**WORK REQUIRED**
Your answer should be one number, the count of lines in the records that carry the string "forall".

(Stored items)

BEGIN

(* In a symmetric instance with $k$ signals ($2\le k\le n$), for every $s\in[-\infty,0]$ and every $s$-Pareto point collection $\mathcal P$, there exists a symmetric, direct and persuasive signaling scheme $\varphi^*$ with $k$ signals such that $u_{\mathcal S}(\varphi^* )=u_{\mathcal S}(\mathcal P)$ (and $u_{\mathcal R}(\varphi^* )=u_{\mathcal R}(\mathcal P)$).
   Context: Model: a receiver chooses one of the actions $[n]$; each action $i$ has a type $\theta_i$; the state $\boldsymbol\theta$ is drawn from a commonly known distribution $q$ over a finite set of type vectors; each type $t$ has receiver value $\rho(t)$ and sender value $\xi(t)$. A direct scheme with $k$ signals maps each state to a distribution over $k$ signals, each recommending an action; it is persuasive if for every signal $\sigma$ sent with positive probability recommending $i$, $\mathbb E[\rho(\theta_i)\mid\sigma]\ge\mathbb E[\rho(\theta_j)\mid\sigma]$ for all $j$; $u_{\mathcal S},u_{\mathcal R}$ denote expected utilities when the receiver follows. $\rho_E=\max_i\sum_{\boldsymbol\theta}q_{\boldsymbol\theta}\rho(\theta_i)$. Symmetric instance: $q_{\boldsymbol\theta}=q_{\boldsymbol\theta'}$ whenever $\boldsymbol\theta'$ is a permutation of $\boldsymbol\theta$; types in a state are pairwise distinct. For a permutation $\pi$ of $[n]$ let $(\pi\cdot\boldsymbol\theta)_{\pi(l)}=\theta_l$. A symmetric scheme is a direct scheme whose signals recommend actions $1,\dots,k$ and with $\varphi(\pi\cdot\boldsymbol\theta,\pi(i))=\varphi(\boldsymbol\theta,i)$ for all states, all $i\in[k]$, and all permutations $\pi$ of $[n]$ with $\pi([k])=[k]$. Identify each type $c$ with the point $(\rho(c),\xi(c))$. For a $k$-set $C$ of types, $q_C=\Pr[\{\theta_1,\dots,\theta_k\}=C]$. For $s\in(-\infty,0]$, $p\in\mathrm{conv}(C)$ corresponds to slope $s$ if it maximizes $y-sx$ over $(x,y)\in\mathrm{conv}(C)$; it corresponds to slope $-\infty$ if it maximizes the first coordinate over $\mathrm{conv}(C)$. A point collection $\mathcal P$ assigns to each $C$ with $q_C>0$ a point $p(C)=(p_{\mathcal R}(C),p_{\mathcal S}(C))\in\mathrm{conv}(C)$; $u_{\mathcal S}(\mathcal P)=\sum_Cq_Cp_{\mathcal S}(C)$, $u_{\mathcal R}(\mathcal P)=\sum_Cq_Cp_{\mathcal R}(C)$. $\mathcal P$ is $s$-Pareto if every $p(C)$ corresponds to slope $s$ and $u_{\mathcal R}(\mathcal P)\ge\rho_E$. *)

From HB Require Import structures.
From mathcomp Require Import all_boot all_order all_algebra all_fingroup.
From mathcomp Require Import reals.
Set Implicit Arguments. Unset Strict Implicit. Unset Printing Implicit Defensive.
Import Order.TTheory GRing.Theory Num.Theory.
Local Open Scope ring_scope.

Section Model.
Variables (R : realType) (T : finType) (n : nat).

(* a state: a type vector, one type per action *)
Notation state := {ffun 'I_n -> T}.

Definition is_distribution (q : state -> R) :=
  (forall th, 0 <= q th) /\ \sum_th q th = 1.

Definition perm_act (pi : {perm 'I_n}) (th : state) : state :=
  [ffun m => th (pi^-1%g m)].

Definition symmetric_instance (q : state -> R) :=
  (forall (pi : {perm 'I_n}) th, q (perm_act pi th) = q th) /\
  (forall th, 0 < q th -> injective th).

(* rho_E = max_i sum_th q th rho(th_i)  (max of a nonempty list; n >= 1) *)
Definition rhoE (q : state -> R) (rho : T -> R) : R :=
  let s := [seq \sum_th q th * rho (th i) | i : 'I_n] in
  \big[Num.max/head 0 s]_(x <- s) x.

Variable k : nat.

(* A direct scheme with k signals: phi th sigma is the probability of sending
   signal sigma in state th; signal sigma recommends action rec sigma. *)
Definition direct_scheme (phi : state -> 'I_k -> R) :=
  forall th, (forall sg, 0 <= phi th sg) /\ \sum_sg phi th sg = 1.

Definition sig_prob (q : state -> R) (phi : state -> 'I_k -> R) (sg : 'I_k) : R :=
  \sum_th q th * phi th sg.

Definition cond_exp (q : state -> R) (phi : state -> 'I_k -> R) (sg : 'I_k)
  (f : state -> R) : R :=
  (\sum_th q th * phi th sg * f th) / sig_prob q phi sg.

Definition persuasive (q : state -> R) (rho : T -> R) (rec : 'I_k -> 'I_n)
  (phi : state -> 'I_k -> R) :=
  forall sg, 0 < sig_prob q phi sg ->
    forall j : 'I_n,
      cond_exp q phi sg (fun th => rho (th j)) <=
      cond_exp q phi sg (fun th => rho (th (rec sg))).

Definition u_scheme (q : state -> R) (v : T -> R) (rec : 'I_k -> 'I_n)
  (phi : state -> 'I_k -> R) : R :=
  \sum_th q th * \sum_sg phi th sg * v (th (rec sg)).

Definition symmetric_scheme (rec : 'I_k -> 'I_n) (phi : state -> 'I_k -> R) :=
  (forall sg, nat_of_ord (rec sg) = nat_of_ord sg) /\
  (forall (pi : {perm 'I_n}),
     (forall l : 'I_n, (l < k)%N -> (pi l < k)%N) ->
     forall th (sg sg' : 'I_k), pi (rec sg) = rec sg' ->
       phi (perm_act pi th) sg' = phi th sg).

Definition first_types (th : state) : {set T} :=
  th @: [set i : 'I_n | (i < k)%N].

END

**RESULT OF THIS EXERCISE**
10